> [Exercise] Repeat the stretch of entries below from the line with "Lemma nullhomotopicD F1" through the line with "by split; [exact: hommxN | rewrite". Include both ends and add nothing.

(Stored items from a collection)
>>>

Lemma mulmx_idmx p q (v : 'I_p -> nat) (u : 'I_q -> nat) M :
  hom v u M -> M *m idmx n e u = M.
Proof.
move=> hM; apply/matrixP => r s; rewrite !mxE (bigD1 s) //= big1 ?addr0.
  by rewrite mxE eqxx (hommx_evr _ _ hM).
by move=> j /negbTE nj; rewrite mxE nj mulr0.
Qed.

Definition mxradpow p q m (M : 'M[A]_(p, q)) := forall i j, M i j \in radpow m.

Lemma mxradpow_mul p q l i j (M : 'M[A]_(p, q)) (M' : 'M[A]_(q, l)) :
  mxradpow i M -> mxradpow j M' -> mxradpow (i + j) (M *m M').
Proof. by move=> hM hM' r s; rewrite mxE memv_suml // => t _; apply: radpow_mul. Qed.

Lemma idmx_sub_quasi_idem q (w : 'I_q -> nat) M : hommx n e w w M ->
  (idmx n e w - M) *m (idmx n e w - M) - (idmx n e w - M) = M *m M - M.
Proof.
move=> hM; rewrite mulmxBl !mulmxBr (idmx_mulmx (hommx_idmx w)) (idmx_mulmx hM).
by rewrite (mulmx_idmx hM) addrAC subrr add0r opprB.
Qed.

Variables (p q : nat) (v : 'I_p -> nat) (u : 'I_q -> nat) (D : 'M[A]_(p, q)).
Local Notation nullhomotopic := (null_homotopic n e v u D).
Local Notation chain_endo := (chain_endo n e v u D).

Lemma nullhomotopicD F1 F0 G1 G0 :
  nullhomotopic F1 F0 -> nullhomotopic G1 G0 -> nullhomotopic (F1 + G1) (F0 + G0).
Proof.
move=> [H [hH -> ->]] [H' [hH' -> ->]]; exists (H + H').
by split; [exact: hommxD | rewrite mulmxDl | rewrite mulmxDr].
Qed.

Lemma nullhomotopicN F1 F0 : nullhomotopic F1 F0 -> nullhomotopic (- F1) (- F0).
Proof.
move=> [H [hH -> ->]]; exists (- H).
by split; [exact: hommxN | rewrite mulNmx | rewrite mulmxN].
Qed.

Lemma nullhomotopic_mull E1 E0 F1 F0 :
  chain_endo E1 E0 -> nullhomotopic F1 F0 -> nullhomotopic (E1 *m F1) (E0 *m F0).
Proof.
move=> [h1 h0 hE] [H [hH -> ->]]; exists (E1 *m H).
by split; [exact: hommx_mul hH | rewrite mulmxA | rewrite !mulmxA hE].
Qed.

Lemma chain_endoD F1 F0 G1 G0 :
  chain_endo F1 F0 -> chain_endo G1 G0 -> chain_endo (F1 + G1) (F0 + G0).
Proof.
move=> [f1 f0 fD] [g1 g0 gD].
by split; [exact: hommxD | exact: hommxD | rewrite mulmxDr mulmxDl fD gD].
Qed.

Lemma chain_endoN F1 F0 : chain_endo F1 F0 -> chain_endo (- F1) (- F0).
Proof.
move=> [f1 f0 fD].
by split; [exact: hommxN | exact: hommxN | rewrite mulmxN mulNmx fD].
Qed.

Lemma chain_endo_idmx : hom v u D -> chain_endo (idmx n e u) (idmx n e v).
Proof.
move=> hD; split; try exact: hommx_idmx.
by rewrite (mulmx_idmx hD) (idmx_mulmx hD).
Qed.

<<<

> [Your solution]
Lemma nullhomotopicD F1 F0 G1 G0 :
  nullhomotopic F1 F0 -> nullhomotopic G1 G0 -> nullhomotopic (F1 + G1) (F0 + G0).
Proof.
move=> [H [hH -> ->]] [H' [hH' -> ->]]; exists (H + H').
by split; [exact: hommxD | rewrite mulmxDl | rewrite mulmxDr].
Qed.

Lemma nullhomotopicN F1 F0 : nullhomotopic F1 F0 -> nullhomotopic (- F1) (- F0).
Proof.
move=> [H [hH -> ->]]; exists (- H).
by split; [exact: hommxN | rewrite mulNmx | rewrite mulmxN].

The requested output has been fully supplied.